What’s the Point of Guessing Your Opponents’ Spades Hands?
Based on the rules of Spades, you earn points by making a correct “bid” on how many “tricks” you can win in a round. A trick is a set of cards all players play during their turn.
Projecting how your hand stacks up (pun intended) against the other players’ can help correctly guess how many tricks you’ll win during a round.
Here are some helpful tips.
1. Use Trumps Effectively
When leading trumps are legal, you have various options related to your opponent’s hand. Let’s say you have an ace or king of spades. The main goal should be to use your high trump card to “draw” the opponents’ trumps.
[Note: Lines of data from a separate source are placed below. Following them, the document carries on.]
Lemma neighbours v : 0 < v < #|T| -> (forall p, p \in S -> height p != v) ->
  exists pm, exists pp, [/\ pm \in chain, pp \in chain, height pm < v < height pp
    & forall q, q \in chain -> le_pair q pm || le_pair pp q].
Proof.
move=> /andP[v0 vT] vS.
have hbot : (bot \in chain) && (height bot < v) by rewrite bot_in_chain height_bot.
have htop : (top \in chain) && (v < height top) by rewrite top_in_chain height_top.
have [pm /andP[pmC pmv] pm_max] :=
  @arg_maxnP _ bot (fun p => (p \in chain) && (height p < v)) height hbot.
have [pp /andP[ppC ppv] pp_min] :=
  @arg_minnP _ top (fun p => (p \in chain) && (v < height p)) height htop.
exists pm, pp; split; rewrite ?pmv ?ppv //.
move=> q qC; have : height q != v.
  case/chainP: qC => [->|->|/vS //]; first by rewrite height_bot eq_sym -lt0n.
  by rewrite height_top neq_ltn vT orbT.
rewrite neq_ltn => /orP[qv|vq].
- by rewrite (chain_le pmC qC) //; apply: pm_max; rewrite qC qv.
- by rewrite (chain_le qC ppC) ?orbT //; apply: pp_min; rewrite qC vq.
Qed.
(* Let $n\ge 1$, let $K,T\in\mathcal S_n\setminus\{\emptyset,\mathbb R^n\}$ and let $\lambda\in(0,1)$. Then $(1-\lambda)K+\lambda T\in\mathcal S_n$ and \[ \big((1-\lambda)K+\lambda T\big)^c=(1-\lambda)K^c+\lambda T^c, \] where $+$ denotes Minkowski addition.
   Context: $B(x,r)=\{y\in\mathbb R^n:\|y-x\|_2\le r\}$ is the closed Euclidean ball. For $A\subseteq\mathbb R^n$, its $c$-dual is $A^c=\{y:\|x-y\|_2\le 1\ \forall x\in A\}=\bigcap_{x\in A}B(x,1)$ (with $\emptyset^c=\mathbb R^n$). $\mathcal S_n$ (ball-bodies) is the class of all sets of the form $\bigcap_{x\in A}B(x,1)$ for some $A\subseteq\mathbb R^n$, i.e. the image of the map $A\mapsto A^c$; it contains $\emptyset$ and $\mathbb R^n$. *)

From HB Require Import structures.
From mathcomp Require Import all_boot all_order all_algebra.
From mathcomp Require Import classical_sets reals.
Set Implicit Arguments. Unset Strict Implicit. Unset Printing Implicit Defensive.
Import Order.TTheory GRing.Theory Num.Theory.
Local Open Scope ring_scope.
Local Open Scope classical_set_scope.

Definition enorm {R : realType} {n : nat} (x : 'rV[R]_n) : R :=
  Num.sqrt (\sum_(i < n) (x 0 i) ^+ 2).

Definition cball {R : realType} {n : nat} (x : 'rV[R]_n) (r : R) : set 'rV[R]_n :=
  [set y | enorm (y - x) <= r].

(* c-dual: A^c = intersection over x in A of B(x,1); empty^c = R^n *)
Definition cdual {R : realType} {n : nat} (A : set 'rV[R]_n) : set 'rV[R]_n :=
  \bigcap_(x in A) cball x 1.

Definition ball_body {R : realType} {n : nat} (K : set 'rV[R]_n) : Prop :=
  exists A : set 'rV[R]_n, K = cdual A.

Definition mink {R : realType} {n : nat} (a : R) (K : set 'rV[R]_n)
  (b : R) (T : set 'rV[R]_n) : set 'rV[R]_n :=
  [set a *: x + b *: y | x in K & y in T].

From HB Require Import structures.
From mathcomp Require Import all_boot all_order all_algebra.
From mathcomp Require Import classical_sets reals topology normedtype derive.
From mathcomp Require Import ring lra.
Set Implicit Arguments.
Unset Strict Implicit.
Unset Printing Implicit Defensive.
Import Order.TTheory GRing.Theory Num.Theory.
Import numFieldNormedType.Exports.
Local Open Scope ring_scope.
Local Open Scope classical_set_scope.

(* The inclusion of (1-l)K^c + lT^c in ((1-l)K + lT)^c is the convexity of the
   squared Euclidean norm.  Conversely, let y lie in the dual of M = (1-l)K + lT
   and, by compactness of K^c and T^c, let (p, w) in K^c x T^c make
   (1-l)p + lw nearest to y.  If y is not that point, the unit vector u along
   y - (1-l)p - lw is an outer normal of K^c at p and of T^c at w.  A unit
   ball containing the ball-convex set K^c and touching it at p with normal u
   must be B(p - u, 1), since otherwise a spindle of K^c would stick out beyond
   p in direction u; hence p - u lies in K^cc = K, and likewise w - u in T.
   The point (1-l)(p - u) + l(w - u) of M is at distance > 1 from y, which is
   absurd.  Applying the identity to K^c and T^c shows that M is the dual of
   (1-l)K^c + lT^c, hence a ball-body. *)

Section BallBodies.
Variables (R : realType) (n : nat).
Implicit Types (x y z u w : 'rV[R]_n) (A K T : set 'rV[R]_n).

Definition dot x y : R := \sum_i x 0 i * y 0 i.

Lemma dotC x y : dot x y = dot y x.
Proof. by apply: eq_bigr => i _; rewrite mulrC. Qed.

Lemma dotDl x y z : dot (x + y) z = dot x z + dot y z.
Proof. by rewrite /dot -big_split; apply: eq_bigr => i _; rewrite mxE mulrDl. Qed.

Lemma dotZl a x y : dot (a *: x) y = a * dot x y.
Proof. by rewrite /dot mulr_sumr; apply: eq_bigr => i _; rewrite mxE mulrA. Qed.

Lemma dotNl x y : dot (- x) y = - dot x y.
Proof. by rewrite -scaleN1r dotZl mulN1r. Qed.

Lemma dotDr x y z : dot x (y + z) = dot x y + dot x z.
Proof. by rewrite !(dotC x) dotDl. Qed.

Lemma dotZr a x y : dot x (a *: y) = a * dot x y.
Proof. by rewrite !(dotC x) dotZl. Qed.

Lemma dotNr x y : dot x (- y) = - dot x y.
Proof. by rewrite !(dotC x) dotNl. Qed.

Definition dotE := (dotDl, dotDr, dotNl, dotNr, dotZl, dotZr).

Lemma dot_ge0 x : 0 <= dot x x.
Proof. by apply: sumr_ge0 => i _; rewrite -expr2 sqr_ge0. Qed.

Lemma dot_eq0 x : (dot x x == 0) = (x == 0).
Proof.
apply/idP/eqP => [|->]; last by rewrite /dot big1 // => i _; rewrite mxE mul0r.
rewrite psumr_eq0 => [/allP x0|i _]; last by rewrite -expr2 sqr_ge0.
by apply/rowP => j; rewrite mxE; have /x0 := mem_index_enum j; rewrite mulf_eq0 orbb => /eqP.
Qed.

Lemma dot_subC x y : dot (x - y) (x - y) = dot (y - x) (y - x).
Proof. by rewrite -(opprB y x) dotNl dotNr opprK. Qed.

Lemma cballP x y : cball x 1 y <-> dot (y - x) (y - x) <= 1.
Proof. by rewrite /cball /= -[X in _ <= X]sqrtr1 /enorm ler_sqrt. Qed.

Lemma cdualP A z : cdual A z <-> forall x, A x -> dot (z - x) (z - x) <= 1.
Proof. by split=> zA x Ax; apply/cballP; exact: zA. Qed.

Lemma cdualS A K : A `<=` K -> cdual K `<=` cdual A.
Proof. by move=> AK z /cdualP zK; apply/cdualP => x /AK /zK. Qed.

Lemma sub_cdual2 A : A `<=` cdual (cdual A).
Proof. by move=> x Ax; apply/cdualP => z /cdualP/(_ x Ax); rewrite dot_subC. Qed.

Lemma cdualK K : ball_body K -> cdual (cdual K) = K.
Proof.
case=> A ->; apply/seteqP; split; last exact: sub_cdual2.
exact/cdualS/sub_cdual2.
Qed.

Lemma cdual_neq0 K : ball_body K -> K <> setT -> cdual K !=set0.
Proof.
move=> bK KT; apply/set0P/negP => /eqP K'0; apply: KT.
rewrite -(cdualK bK) K'0; apply/seteqP; split=> // z _; exact/cdualP.
Qed.

Lemma dot_convex_le1 x y t : dot x x <= 1 -> dot y y <= 1 -> 0 <= t <= 1 ->
  dot ((1 - t) *: x + t *: y) ((1 - t) *: x + t *: y) <= 1.
Proof.
move=> x1 y1 /andP[t0 t1].
have := dot_ge0 (x - y); rewrite !dotE (dotC y x) => xy.
have : 0 <= t * (1 - t) by apply: mulr_ge0; lra.
nra.
Qed.

Lemma cdual_convex A x y t : cdual A x -> cdual A y -> 0 <= t <= 1 ->
  cdual A ((1 - t) *: x + t *: y).
Proof.
move=> /cdualP xA /cdualP yA t01; apply/cdualP => k Ak.
have -> : (1 - t) *: x + t *: y - k = (1 - t) *: (x - k) + t *: (y - k).
  by rewrite !scalerBr addrACA -opprD -scalerDl subrK scale1r.
by apply: dot_convex_le1; [exact: xA | exact: yA |].
Qed.

Lemma minkP a K b T z :
  mink a K b T z <-> exists x y, [/\ K x, T y & z = a *: x + b *: y].
Proof.
split; first by case=> x Kx [y Ty <-]; exists x, y.
by case=> x [y [Kx Ty ->]]; exists x => //; exists y.
Qed.

Lemma mink_cdual_sub K T (l : R) : 0 <= l <= 1 ->
  mink (1 - l) (cdual K) l (cdual T) `<=` cdual (mink (1 - l) K l T).
Proof.
move=> l01 z /minkP[x [y [/cdualP xK /cdualP yT ->]]].
apply/cdualP => m /minkP[k [t [Kk Tt ->]]].
have -> : (1 - l) *: x + l *: y - ((1 - l) *: k + l *: t) =
    (1 - l) *: (x - k) + l *: (y - t).
  by rewrite !scalerBr opprD addrACA.
by apply: dot_convex_le1; [exact: xK | exact: yT |].
Qed.

Lemma spindle_push w u : dot u u = 1 -> dot u w <= 0 -> 1 < dot (w + u) (w + u) ->
  exists2 x, 0 < dot u x &
    forall c, dot c c <= 1 -> dot (c + w) (c + w) <= 1 -> dot (c + x) (c + x) <= 1.
Proof.
move=> uu; rewrite !dotE uu (dotC w u).
set q := dot w w; set g := dot u w => g0 wu1.
pose m := (q - 2 * g) / 4.
have m0 : 0 <= m by rewrite /m; apply: divr_ge0; lra.
have qm0 : 0 < q + m ^+ 2 by have := sqr_ge0 m; lra.
pose nu := (q - 2 * m) / (q + m ^+ 2).
have nuE : nu * (q + m ^+ 2) = q - 2 * m by rewrite /nu; field; lra.
have nu0 : 0 < nu by rewrite /nu; apply: divr_gt0 => //; rewrite /m; lra.
have nu1 : nu <= 1.
  by rewrite /nu ler_pdivrMr // mul1r; have := sqr_ge0 m; lra.
(* For x = nu w + eta u, 1 - |c + x|^2 is
   (1 + eta - nu) (1 - |c|^2) + nu (1 - |c + w|^2) + eta |c - u|^2 minus the
   left side of E0; taking eta = nu m with -g < m < q/2 makes <u, x> positive
   and E0 true for small nu. *)
pose eta := nu * m.
have eta0 : 0 <= eta by apply: mulr_ge0 => //; lra.
have E0 : 2 * eta + nu ^+ 2 * q + 2 * nu * eta * g + eta ^+ 2 - nu * q <= 0.
  have -> : 2 * eta + nu ^+ 2 * q + 2 * nu * eta * g + eta ^+ 2 - nu * q =
      nu * (nu * (q + m ^+ 2) - (q - 2 * m)) + 2 * nu * eta * g.
    by rewrite /eta; ring.
  rewrite nuE subrr mulr0 add0r.
  by have := mulr_ge0 (ltW nu0) eta0; nra.
exists (nu *: w + eta *: u).
  rewrite !dotE uu -/g.
  have : 0 < nu * (g + m) by apply: mulr_gt0 => //; rewrite /m; lra.
  by rewrite /eta; lra.
move=> c c1 cw1.
have := dot_ge0 (c - u); move: cw1.
rewrite !dotE uu (dotC w c) (dotC u c) (dotC w u) -/q -/g.
move=> cw1 cu0.
have t1 : 0 <= (1 + eta - nu) * (1 - dot c c) by apply: mulr_ge0; lra.
have t2 : 0 <= nu * (1 - (dot c c + dot c w + (dot c w + q))) by apply: mulr_ge0; lra.
have t3 : 0 <= eta * (dot c c - dot c u - (dot c u - 1)) by apply: mulr_ge0; lra.
lra.
Qed.

Lemma cdual2_support A p u : cdual A p -> dot u u = 1 ->
  (forall z, cdual A z -> dot u z <= dot u p) -> cdual (cdual A) (p - u).
Proof.
move=> Ap uu pmax; apply/cdualP => s As; rewrite leNgt; apply/negP.
have -> : p - u - s = - ((s - p) + u) by rewrite opprD opprB addrAC.
rewrite dotNl dotNr opprK; set w := s - p => wu1.
have wu : dot u w <= 0 by rewrite dotDr dotNr; have := pmax s As; lra.
have [x ux xA] := spindle_push uu wu wu1.
suff /pmax : cdual A (p + x) by rewrite dotDr; lra.
apply/cdualP => k Ak; rewrite addrAC; apply: xA; first by move/cdualP: Ap; apply.
by rewrite /w [p - k + _]addrC subrKA; move/cdualP: As; apply.
Qed.

Lemma le0_of_quadratic_bound (a b : R) : 0 <= b ->
  (forall t, 0 < t <= 1 -> 2 * t * a <= t ^+ 2 * b) -> a <= 0.
Proof.
move=> b0 ab; rewrite leNgt; apply/negP => a0.
pose t := a / (a + b).
have tab : t * (a + b) = a by rewrite /t; field; lra.
have t0 : 0 < t by rewrite /t; apply: divr_gt0; lra.
have t1 : t <= 1 by rewrite /t ler_pdivrMr; lra.
have := ab t; rewrite t0 t1 => /(_ isT); nra.
Qed.

Lemma convex_min_normal (C : set 'rV[R]_n) r p a :
  (forall x z t, C x -> C z -> 0 <= t <= 1 -> C ((1 - t) *: x + t *: z)) ->
  0 < a -> C p ->
  (forall z, C z -> dot r r <= dot (r - a *: (z - p)) (r - a *: (z - p))) ->
  forall z, C z -> dot r (z - p) <= 0.
Proof.
move=> convC a0 Cp pmin z Cz; rewrite -(pmulr_rle0 _ a0).
apply: (@le0_of_quadratic_bound _ (a ^+ 2 * dot (z - p) (z - p))).
  by rewrite mulr_ge0 ?sqr_ge0 ?dot_ge0.
move=> t /andP[t0 t1].
have := pmin _ (convC p z t Cp Cz _); rewrite t1 ltW // => /(_ isT).
have -> : (1 - t) *: p + t *: z - p = t *: (z - p).
  by apply/rowP => i; rewrite !mxE; ring.
by rewrite scalerA !dotE (dotC z r) (dotC p r) (dotC p z); lra.
Qed.

Lemma continuous_dot (T : topologicalType) (f g : T -> 'rV[R]_n) :
  continuous f -> continuous g -> continuous (fun t => dot (f t) (g t)).
Proof.
move=> cf cg; rewrite /dot; apply: (@continuous_big R^o _ _ _ _ add_continuous) => i _ t.
by apply: continuousM; [exact: (continuous_comp (cf t) (@coord_continuous R _ _ 0 i _))
                     | exact: (continuous_comp (cg t) (@coord_continuous R _ _ 0 i _))].
Qed.

Lemma closed_cdual A : closed (cdual A).
Proof.
apply: closed_bigI => x _.
have -> : cball x 1 = (fun z => dot (z - x) (z - x)) @^-1` [set r | r <= 1].
  by apply/seteqP; split=> z /cballP.
have cx : continuous (fun z : 'rV[R]_n => z - x).
  by move=> z; apply: continuousB; [move=> P | exact: cst_continuous].
have := proj1 (continuous_closedP _) (continuous_dot cx cx).
by apply; exact: closed_le.
Qed.

Lemma coord_norm_le1 x j : dot x x <= 1 -> `|x 0 j| <= 1.
Proof.
move=> x1; have : x 0 j * x 0 j <= 1.
  apply: le_trans x1; rewrite /dot (bigD1 j) //= lerDl.
  by apply: sumr_ge0 => i _; rewrite -expr2 sqr_ge0.
by rewrite ler_norml => ?; apply/andP; split; nra.
Qed.

Lemma compact_cdual A x : A x -> compact (cdual A).
Proof.
move=> Ax; apply: bounded_closed_compact; last exact: closed_cdual.
apply: filterS (nbhs_pinfty_ge (num_real (`|x| + 1))) => M xM z /cdualP /(_ x Ax) zx.
apply: le_trans xM; rewrite -[z](subrK x) addrC (le_trans (ler_normD _ _)) // lerD2l.
rewrite [`|_|]mx_normrE; apply: bigmax_le => // ij _.
by rewrite (ord1 ij.1); exact: coord_norm_le1.
Qed.

Lemma mink_nearest (P Q : set 'rV[R]_n) a b y :
  P !=set0 -> Q !=set0 -> compact P -> compact Q ->
  exists p q, [/\ P p, Q q & forall p' q', P p' -> Q q' ->
    dot (y - (a *: p + b *: q)) (y - (a *: p + b *: q)) <=
    dot (y - (a *: p' + b *: q')) (y - (a *: p' + b *: q'))].
Proof.
move=> [p0 Pp0] [q0 Qq0] cP cQ.
have cres : continuous (fun c : 'rV[R]_n * 'rV[R]_n => y - (a *: c.1 + b *: c.2)).
  move=> c; apply: (@continuousB _ _ _ (fun=> y) (fun c => a *: c.1 + b *: c.2)).
    exact: cst_continuous.
  by apply: continuousD; apply: continuousZl_tmp; [exact: cvg_fst | exact: cvg_snd].
have [[p q]] := compact_EVT_min (ex_intro _ (p0, q0) (conj Pp0 Qq0))
  (compact_setX cP cQ) (continuous_subspaceT (continuous_dot cres cres)).
rewrite inE => -[/= Pp Qq] pq_min; exists p, q; split=> // p' q' Pp' Qq'.
by apply: (pq_min (p', q')); rewrite inE.
Qed.

Lemma cdual_mink_sub K T (l : R) : ball_body K -> ball_body T ->
  K !=set0 -> T !=set0 -> cdual K !=set0 -> cdual T !=set0 -> 0 < l < 1 ->
  cdual (mink (1 - l) K l T) `<=` mink (1 - l) (cdual K) l (cdual T).
Proof.
move=> bK bT [k Kk] [t Tt] K'0 T'0 /andP[l0 l1] y yM.
have [p [w [Kp Tw]]] := mink_nearest (1 - l) l y K'0 T'0 (compact_cdual Kk) (compact_cdual Tt).
move Er : (y - _) => r pw_min.
have [r0|r0] := eqVneq r 0.
  by apply/minkP; exists p, w; split=> //; apply/eqP; rewrite -subr_eq0 Er r0.
exfalso.
have rr0 : 0 < dot r r by rewrite lt_def dot_eq0 r0 dot_ge0.
have s0 : 0 < Num.sqrt (dot r r) by rewrite sqrtr_gt0.
pose u := (Num.sqrt (dot r r))^-1 *: r.
have uu : dot u u = 1.
  by rewrite /u !dotE mulrA -invfM -expr2 sqr_sqrtr ?dot_ge0 // mulVf // gt_eqF.
have ru : 0 <= dot r u by rewrite /u dotZr mulr_ge0 ?dot_ge0 // invr_ge0 ltW.
have u_normal (C : set 'rV[R]_n) c : (forall z, C z -> dot r (z - c) <= 0) ->
    forall z, C z -> dot u z <= dot u c.
  move=> rC z Cz; rewrite -subr_le0 -dotNr -dotDr /u dotZl pmulr_rle0 ?invr_gt0 //.
  exact: rC.
clearbody u.
have Kpu : K (p - u).
  rewrite -(cdualK bK); apply: (cdual2_support Kp uu); apply: u_normal.
  apply: (convex_min_normal (a := 1 - l) (@cdual_convex K) _ Kp) => [|z Kz]; first lra.
  have -> : r - (1 - l) *: (z - p) = y - ((1 - l) *: z + l *: w).
    by rewrite -Er; apply/rowP => i; rewrite !mxE; ring.
  exact: pw_min.
have Twu : T (w - u).
  rewrite -(cdualK bT); apply: (cdual2_support Tw uu); apply: u_normal.
  apply: (convex_min_normal (a := l) (@cdual_convex T) l0 Tw) => z Tz.
  have -> : r - l *: (z - w) = y - ((1 - l) *: p + l *: z).
    by rewrite -Er; apply/rowP => i; rewrite !mxE; ring.
  exact: pw_min.
have : mink (1 - l) K l T ((1 - l) *: (p - u) + l *: (w - u)).
  by apply/minkP; exists (p - u), (w - u).
move/(proj1 (cdualP _ _) yM).
have -> : y - ((1 - l) *: (p - u) + l *: (w - u)) = r + u.
  by rewrite -Er; apply/rowP => i; rewrite !mxE; ring.
by rewrite !dotE uu (dotC u r); lra.
Qed.

Lemma cdual_mink K T (l : R) : ball_body K -> ball_body T ->
  K !=set0 -> T !=set0 -> cdual K !=set0 -> cdual T !=set0 -> 0 < l < 1 ->
  cdual (mink (1 - l) K l T) = mink (1 - l) (cdual K) l (cdual T).
Proof.
move=> bK bT K0 T0 K'0 T'0 l01; apply/seteqP; split; first exact: cdual_mink_sub.
by apply: mink_cdual_sub; case/andP: l01 => l0 l1; rewrite !ltW.
Qed.

End BallBodies.

Theorem theorem1p19 (R : realType) (n : nat) (K T : set 'rV[R]_n) (l : R) :
  (1 <= n)%N ->
  ball_body K -> K <> set0 -> K <> setT ->
  ball_body T -> T <> set0 -> T <> setT ->
  0 < l < 1 ->
  ball_body (mink (1 - l) K l T) /\
  cdual (mink (1 - l) K l T) = mink (1 - l) (cdual K) l (cdual T).
Proof.
move=> _ bK /eqP/set0P K0 KT bT /eqP/set0P T0 TT l01.
have K'0 := cdual_neq0 bK KT; have T'0 := cdual_neq0 bT TT.
split; last exact: cdual_mink.
exists (mink (1 - l) (cdual K) l (cdual T)).
rewrite cdual_mink ?(cdualK bK) ?(cdualK bT) //; by [exists K | exists T].
Qed.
This goal stops them from scoring trump tricks. You can also more accurately guess their remaining cards. Consider how many and which trump cards your opponent plays.
2. Players Typically Play the Highest Card of a Given Suit Remaining
A player that takes the first trick typically leads another ace. Another player can’t beat them unless they’re entirely out of that suit. Then they can play a spade.
If a player is out of aces, they usually lead with a king of a suit whose ace another player has played.
If Spades players have played the ace and king of a particular suit, then a player may play the queen of the suit.
Remember that after players have played two cards of a particular suit, they’re likely running out of cards in that suit. Since the dealer gives each player 13 cards, they have an average of three cards per suit. Here’s the math:
13 cards ÷ 4 suits = 3.25 cards/suit
Remember that the objective of Spades is to bid how many tricks you’ll win correctly. So it’s essential to know how to bid in Spades.
3. Consider a Player’s Bidding Strategies
This factor can cause a player to overbid or underbid. Such actions may reveal whether a player uses a more aggressive or conservative playing style. You may then better determine the likely cards a player is holding.
4. Players Often Play Spades After Running Out of a Particular Suit
Gamers typically lead a card of a suit of which they have few. An example is one cad. After the player plays all their cards of a particular suit, they may play a spade.
Let’s say a player plays the ace of hearts then plays the two of spades. It’s a likely indicator that the player doesn’t have any hearts left.
5. Consider the Other Players When Opening
You can apply some Bridge strategies in Spades. For example, suppose the opening (first) lead an opponent on your right is a suit in which you hold a king, queen, or jack and some low number cards.
In this case, save the court cards (king, queen, or jack) for later.
6. Players May Try to Hold Onto the Ace or King of Spades
In the song Desperado (1973), the Eagles band claimed, “The queen of hearts is always your best bet,” Well, in Spades, it’s the ace of spades.
If you don’t see the ace or king of spades after several rounds, players may be holding them for the end of the game. It’s particularly true if they need just one more trick to reach their bid.
Remember that exceptions exist when a player should or must play high-value cards like the ace of spades before the end of the game.
Consider this situation. Another player plays a spade, and the player with the ace of spades doesn’t have another spade. The situation forces the player to play the top trump card.
7. Use Strategies to Benefit Your Spades Partner’s Likely Cards
One Spades variation includes two partnerships.
You can use strategies to determine and leverage your partner’s likely hand. Here are some tips:
- Avoid taking a trick from your partner: For example, if you think they counted a card like the king of clubs as a bid, don’t use your ace of clubs unless required.
- Watch for signs a player is out of a suit: Suppose your partner takes a trick by beating one of your high cards. They’re likely running out of that suit.
- Watch which cards your partner plays: Let’s say your partner leads with a middle-value card (for example, 6, 7, or 8). It’s likely the only card in the suit they’re holding.
Making good plays in the game of Spades is crucial to success. Guessing your opponents’ likely remaining cards can take your Spades strategy to the next level.
The tips mentioned above may help you determine whether a player is holding an ace or has run out of a suit.
You can also fine-tune your card game skills by playing spades online. Remember that “practice makes perfect”!